Two-stage training evaluation

Question

Two-stage training evaluation

alfredgu001324 opened this issue a year ago · comments

Hi, I have trained two models (stage 1 and stage 2) according to your instruction. However, when I run this command
CUDA_VISIBLE_DEVICES=0 python tools/test.py /home/guxunjia/Desktop/VAD/projects/configs/VAD/VAD_base_stage_2.py /home/guxunjia/Desktop/VAD/work_dirs/VAD_base_stage_2/epoch_12.pth --launcher none --eval bbox --tmpdir tmp

The following error occur:

projects.mmdet3d_plugin WARNING!!!!, Only can be used for obtain inference speed!!!! load checkpoint from local path: /home/guxunjia/Desktop/VAD/work_dirs/VAD_base_stage_2/epoch_12.pth [>>>>>>>>>>>>>>>>>>>>>>>>>>>>>>>>>>>>>>>>>>>>>>>>>>] 81/81, 5.0 task/s, elapsed: 16s, ETA: 0sTraceback (most recent call last): File "tools/test.py", line 294, in <module> main() File "tools/test.py", line 274, in main print(dataset.evaluate(outputs['bbox_results'], **eval_kwargs)) File "/home/guxunjia/Desktop/VAD/projects/mmdet3d_plugin/datasets/nuscenes_vad_dataset.py", line 1786, in evaluate result_dict['ADE_'+cls] = all_metric_dict['ADE_'+cls] / all_metric_dict['cnt_ade_'+cls] ZeroDivisionError: float division by zero

I am using the mini dataset for training and eval. I checked the 'all_metric_dict' and it shows the following:

(Pdb) all_metric_dict {'gt_car': 701.0, 'gt_pedestrian': 659.0, 'cnt_ade_car': 0.0, 'cnt_ade_pedestrian': 2.0, 'cnt_fde_car': 0.0, 'cnt_fde_pedestrian': 0.0, 'hit_car': 0.0, 'hit_pedestrian': 0.0, 'fp_car': 46.0, 'fp_pedestrian': 0.0, 'ADE_car': 0.0, 'ADE_pedestrian': tensor(2.8956), 'FDE_car': 0.0, 'FDE_pedestrian': 0.0, 'MR_car': 0.0, 'MR_pedestrian': 0.0}

I am wondering if this is normal since I am using the mini dataset for training (just trying out), and it will affect the performance of the model and leads to these zeros values. When I am using your checkpoint model, everything is fine. I am wondering what is the correct file/procedure for evaluating the two-stage model?

Thank you so much!

alfredgu001324 · Answer 1 · Thu Aug 31 2023 22:41:29 GMT+0800 (China Standard Time)
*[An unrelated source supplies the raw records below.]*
(* Let $c>0$, $0<\lambda\le T_M$, and let $f\in C^2(\mathbb R)$ solve $$f''(y)-cf'(y)-f^4(y)=-\int_{-\infty}^\infty E(y-\eta)f^4(\eta)\,d\eta\ (y\in\mathbb R),\qquad 0<\lambda\le f\le T_M.$$ Then $f$ does not attain its supremum nor its infimum over $\mathbb R$ at any point of $\mathbb R$, unless $f$ is constant.
   Context: $E(x)=\frac12\int_{|x|}^\infty\frac{e^{-t}}{t}dt$, which satisfies $\int_{\mathbb R}E=1$. *)

From HB Require Import structures.
From mathcomp Require Import all_boot all_order all_algebra.
From mathcomp Require Import all_classical all_reals all_analysis.
Set Implicit Arguments. Unset Strict Implicit. Unset Printing Implicit Defensive.
Import Order.TTheory GRing.Theory Num.Theory.
Import numFieldNormedType.Exports.
Local Open Scope classical_set_scope.
Local Open Scope ring_scope.

(* E(x) = 1/2 * int_{|x|}^oo e^{-t}/t dt, an extended nonnegative real
   (E(0) = +oo). *)
Definition E (R : realType) (x : R) : \bar R :=
  ((2 : R)^-1)%:E *
  (\int[@lebesgue_measure R]_(t in [set t : R | (`|x| <= t)%R]) (expR (- t) / t)%R%:E)%E.

Definition C2 (R : realType) (f : R -> R) : Prop :=
  (forall x, derivable f x 1) /\ (forall x, derivable (derive1 f) x 1) /\
  continuous (derive1n 2 f).

Definition Econv (R : realType) (f : R -> R) (y : R) : \bar R :=
  (\int[@lebesgue_measure R]_(eta in [set: R]) (E (y - eta)%R * (f eta ^+ 4)%R%:E))%E.

(* [E] is a probability density: by Tonelli, [int E(y - eta) d eta = int_0^oo e^{-t} dt = 1].
   It is also bounded below by a positive constant on bounded sets, so [E * g] is a strict
   weighted mean: if [g <= M] everywhere and [g < M] near some point, then [(E * g)(y) < M]
   for every [y], and symmetrically for lower bounds.  At a maximum [y0] of [f] we have
   [f'(y0) = 0] and [f''(y0) <= 0], so the equation gives
   [(E * f^4)(y0) = f(y0)^4 - f''(y0) >= f(y0)^4]; if [f] were not constant, the strict
   mean property would give [(E * f^4)(y0) < f(y0)^4]. *)

From HB Require Import structures.
From mathcomp Require Import all_boot all_order all_algebra.
From mathcomp Require Import all_classical all_reals all_analysis.
From mathcomp Require Import measurable_realfun.
From mathcomp Require Import ring lra.
Set Implicit Arguments. Unset Strict Implicit. Unset Printing Implicit Defensive.
Import Order.TTheory GRing.Theory Num.Theory.
Import numFieldNormedType.Exports.
Local Open Scope classical_set_scope.
Local Open Scope ring_scope.

Section kernel.
Variable R : realType.
Notation mu := (@lebesgue_measure R).

Definition expNdiv : R -> R := (fun t => expR (- t) / t) \_ `]0, +oo[.

(* At [t = 0] both sides are [0], since [x / 0 = 0]. *)
Lemma expNdivE t : 0 <= t -> expNdiv t = expR (- t) / t.
Proof.
rewrite le_eqVlt => /orP[/eqP <-|t0].
  by rewrite /expNdiv patchE ifF ?invr0 ?mulr0 // memNset //= in_itv /= ltxx.
by rewrite /expNdiv patchE ifT // inE /= in_itv /= t0.
Qed.

Lemma expNdiv_ge0 t : 0 <= expNdiv t.
Proof.
rewrite /expNdiv patchE; case: ifPn => // /[!inE] /=; rewrite in_itv /= andbT.
by move=> t0; rewrite divr_ge0 ?expR_ge0 ?ltW.
Qed.

Lemma measurable_expNdiv : measurable_fun setT expNdiv.
Proof.
apply/measurable_restrict => //; rewrite setTI.
apply: open_continuous_measurable_fun; first exact: interval_open.
move=> x; rewrite inE /= in_itv /= andbT => x0.
apply: (@continuousM _ R^o (fun t : R => expR (- t)) GRing.inv).
  by apply: continuous_comp; [exact: continuousN|exact: continuous_expR].
by apply: inv_continuous; rewrite gt_eqF.
Qed.

Definition E_cone (y : R) : set (R * R) := [set p | `|y - p.1| <= p.2].

Definition E_integrand (y : R) (p : R * R) : \bar R :=
  (\1_(E_cone y) p * expNdiv p.2)%:E.

Lemma measurable_E_cone y : measurable (E_cone y).
Proof.
have mh : measurable_fun setT (fun p : R * R => `|y - p.1| - p.2).
  apply: measurable_funB; last exact: measurable_snd.
  apply: measurableT_comp; first exact: normr_measurable.
  exact: measurable_funB measurable_fst.
have := mh measurableT `]-oo, 0]%classic (measurable_itv _).
by rewrite setTI; congr measurable; apply/seteqP; split => p /=;
  rewrite in_itv /= subr_le0.
Qed.

Lemma measurable_E_integrand y : measurable_fun setT (E_integrand y).
Proof.
apply/measurable_EFinP; apply: measurable_funM.
  exact: measurable_indic (measurable_E_cone y).
exact: measurableT_comp measurable_expNdiv measurable_snd.
Qed.

Lemma E_integrand_ge0 y p : (0 <= E_integrand y p)%E.
Proof. by rewrite lee_fin mulr_ge0 ?expNdiv_ge0. Qed.

Lemma E_fubini_F (y eta : R) :
  E (y - eta) = ((2 : R)^-1%:E * fubini_F mu (E_integrand y) eta)%E.
Proof.
rewrite /E integral_mkcond /fubini_F; congr (_ * _)%E.
apply: eq_integral => t _; rewrite patchE /E_integrand indicE /E_cone.
case: ifPn => [/[!inE] /= yt|yt].
  by rewrite mem_set //= mul1r expNdivE // (le_trans _ yt).
by rewrite memNset ?mul0r //; apply: contraNnot yt; rewrite inE.
Qed.

Lemma measurable_E_fubini_F (y : R) : measurable_fun setT (fubini_F mu (E_integrand y)).
Proof.
apply: measurable_fun_fubini_tonelli_F; [exact: measurable_E_integrand|exact: E_integrand_ge0].
Qed.

Definition twice_expN : R -> R := (fun t => 2 * expR (- t)) \_ `]0, +oo[.

Lemma E_fubini_G y t : fubini_G mu (E_integrand y) t = (twice_expN t)%:E.
Proof.
rewrite /fubini_G /twice_expN /E_integrand patchE /=.
have [t0|t0] := ltP 0 t; last first.
  have tout : ~ `]0, +oo[%classic t.
    by rewrite /= in_itv /= andbT; apply/negP; rewrite -leNgt.
  rewrite memNset // /expNdiv patchE memNset //.
  by under eq_integral do rewrite mulr0; exact: integral0.
rewrite mem_set; last by rewrite /= in_itv /= andbT.
transitivity (\int[mu]_x ((expNdiv t)%:E * (\1_(`[y - t, y + t]) x)%:E))%E.
  apply: eq_integral => x _; rewrite -EFinM mulrC !indicE /E_cone.
  congr (_ * (GRing.natmul _ (nat_of_bool _)))%:E.
  by apply/idP/idP; rewrite !inE /= in_itv /= distrC ler_distl.
rewrite ge0_integralZl_EFin ?expNdiv_ge0 //; last exact/measurable_EFinP.
rewrite integral_indic // setIT -closed_ball_itv //.
rewrite [X in (_ * X)%E](lebesgue_measure_closed_ball _ (ltW t0)).
by rewrite -EFinM expNdivE ?ltW //; congr _%:E; field; lra.
Qed.

Lemma integral_twice_expN : (\int[mu]_t (twice_expN t)%:E = 2%:E)%E.
Proof.
transitivity (\int[mu]_(t in `]0%R, +oo[%classic) (2 * expR (- t))%:E)%E.
  rewrite [RHS]integral_mkcond; apply: eq_integral => t _.
  by rewrite /twice_expN !patchE; case: (t \in _).
rewrite integral_itv_obnd_cbnd; last first.
  apply/measurable_EFinP; apply: measurable_funM => //.
  by apply: measurableT_comp; [exact: measurable_expR|exact: measurable_funN].
transitivity (\int[mu]_t (2 * exponential_pdf 1 t)%:E)%E.
  rewrite integral_mkcond; apply: eq_integral => t _; rewrite /exponential_pdf !patchE.
  by case: ifPn => _; rewrite ?mul1r ?mulN1r ?mulr0.
under eq_integral do rewrite EFinM.
rewrite ge0_integralZl_EFin //.
- by rewrite integral_exponential_pdf // mule1.
- by move=> t _; rewrite lee_fin exponential_pdf_ge0.
- by apply/measurable_EFinP; exact: measurable_exponential_pdf.
Qed.

Lemma E_ge0 (x : R) : (0 <= E x)%E.
Proof.
rewrite /E mule_ge0 // ?lee_fin ?invr_ge0 //; apply: integral_ge0 => t /= xt.
by rewrite lee_fin divr_ge0 ?expR_ge0 // (le_trans _ xt).
Qed.

Lemma measurable_E_shift (y : R) : measurable_fun setT (fun eta : R => E (y - eta)).
Proof.
under eq_fun do rewrite E_fubini_F.
apply: emeasurable_funM => //.
exact: measurable_E_fubini_F.
Qed.

Lemma integral_E_shift (y : R) : (\int[mu]_eta E (y - eta) = 1)%E.
Proof.
under eq_integral do rewrite E_fubini_F.
rewrite ge0_integralZl_EFin //; last 2 first.
- by move=> x _; apply: integral_ge0 => t _; exact: E_integrand_ge0.
- exact: measurable_E_fubini_F.
rewrite /fubini_F fubini_tonelli; [|exact: measurable_E_integrand|exact: E_integrand_ge0].
under eq_integral do rewrite -/(fubini_G mu (E_integrand y) _) E_fubini_G.
by rewrite integral_twice_expN -EFinM mulVf.
Qed.

(* The witness is half the minimum of [e^{-t}/t] on [[K', K' + 1]], with [K' = |K| + 1]. *)
Lemma E_bounded_below (K : R) :
  exists2 k : R, 0 < k & forall x, `|x| <= K -> (k%:E <= E x)%E.
Proof.
pose K' : R := `|K| + 1; have K'0 : 0 < K' by rewrite ltr_pwDr.
exists (2^-1 * (expR (- (K' + 1)) / (K' + 1))).
  by rewrite mulr_gt0 ?invr_gt0 // divr_gt0 ?expR_gt0 // addr_gt0.
move=> x xK; rewrite /E EFinM; apply: lee_wpmul2l; first by rewrite lee_fin invr_ge0.
have xK' : `|x| <= K' by rewrite (le_trans xK) // (le_trans (ler_norm K)) // lerDl.
have mf : measurable_fun [set t : R | `|x| <= t] (fun t => (expR (- t) / t)%:E).
  apply: (eq_measurable_fun (EFin \o expNdiv)).
    by move=> t /[!inE] /= xt; rewrite expNdivE // (le_trans _ xt).
  by apply/measurable_EFinP; apply: measurable_funTS; exact: measurable_expNdiv.
have sub : `[K', K' + 1] `<=` [set t : R | `|x| <= t].
  by move=> t /=; rewrite in_itv /= => /andP[Kt _]; exact: le_trans xK' Kt.
have mB : measurable [set t : R | `|x| <= t].
  rewrite (_ : [set t | _] = `[`|x|, +oo[%classic); first exact: measurable_itv.
  by apply/seteqP; split => t /=; rewrite in_itv /= andbT.
have f0 t : `|x| <= t -> (0 <= (expR (- t) / t)%:E)%E.
  by move=> xt; rewrite lee_fin divr_ge0 ?expR_ge0 // (le_trans _ xt).
apply: le_trans (ge0_subset_integral mu (measurable_itv _) mB mf f0 sub).
rewrite -[X in (X <= _)%E]mule1.
have <- : mu `[K', K' + 1] = 1%E.
  apply: eq_trans (lebesgue_measure_itv _) _.
  by rewrite /= lte_fin ltrDl ltr01 -EFinD addrAC subrr add0r.
rewrite -integral_cst //; apply: ge0_le_integral => //.
- by move=> t _; rewrite lee_fin divr_ge0 ?expR_ge0 // addr_ge0 // ltW.
- exact: measurable_funS mf.
move=> t /=; rewrite in_itv /= => /andP[Kt tK].
have t0 : 0 < t by exact: lt_le_trans Kt.
rewrite lee_fin; apply: ler_pM; rewrite ?expR_ge0 ?invr_ge0 ?(addr_ge0 (ltW K'0)) //.
  by rewrite ler_expR lerN2.
by rewrite lef_pV2 // posrE // addr_gt0.
Qed.

End kernel.

Section kernel_mean.
Variable R : realType.
Notation mu := (@lebesgue_measure R).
I also tried training end-to-end on the mini dataset, the problem still occurs. So I am guessing that the small dataset is not enough to train at least some minimal results for exploring?

Bo Jiang · Answer 2 · Thu Sep 07 2023 10:59:24 GMT+0800 (China Standard Time)

Yes, the mini dataset of nuScenes is very small, and I think the original epoch configs are insufficient for convergence. If you want to try on the mini dataset, I think at least a much larger epoch is required.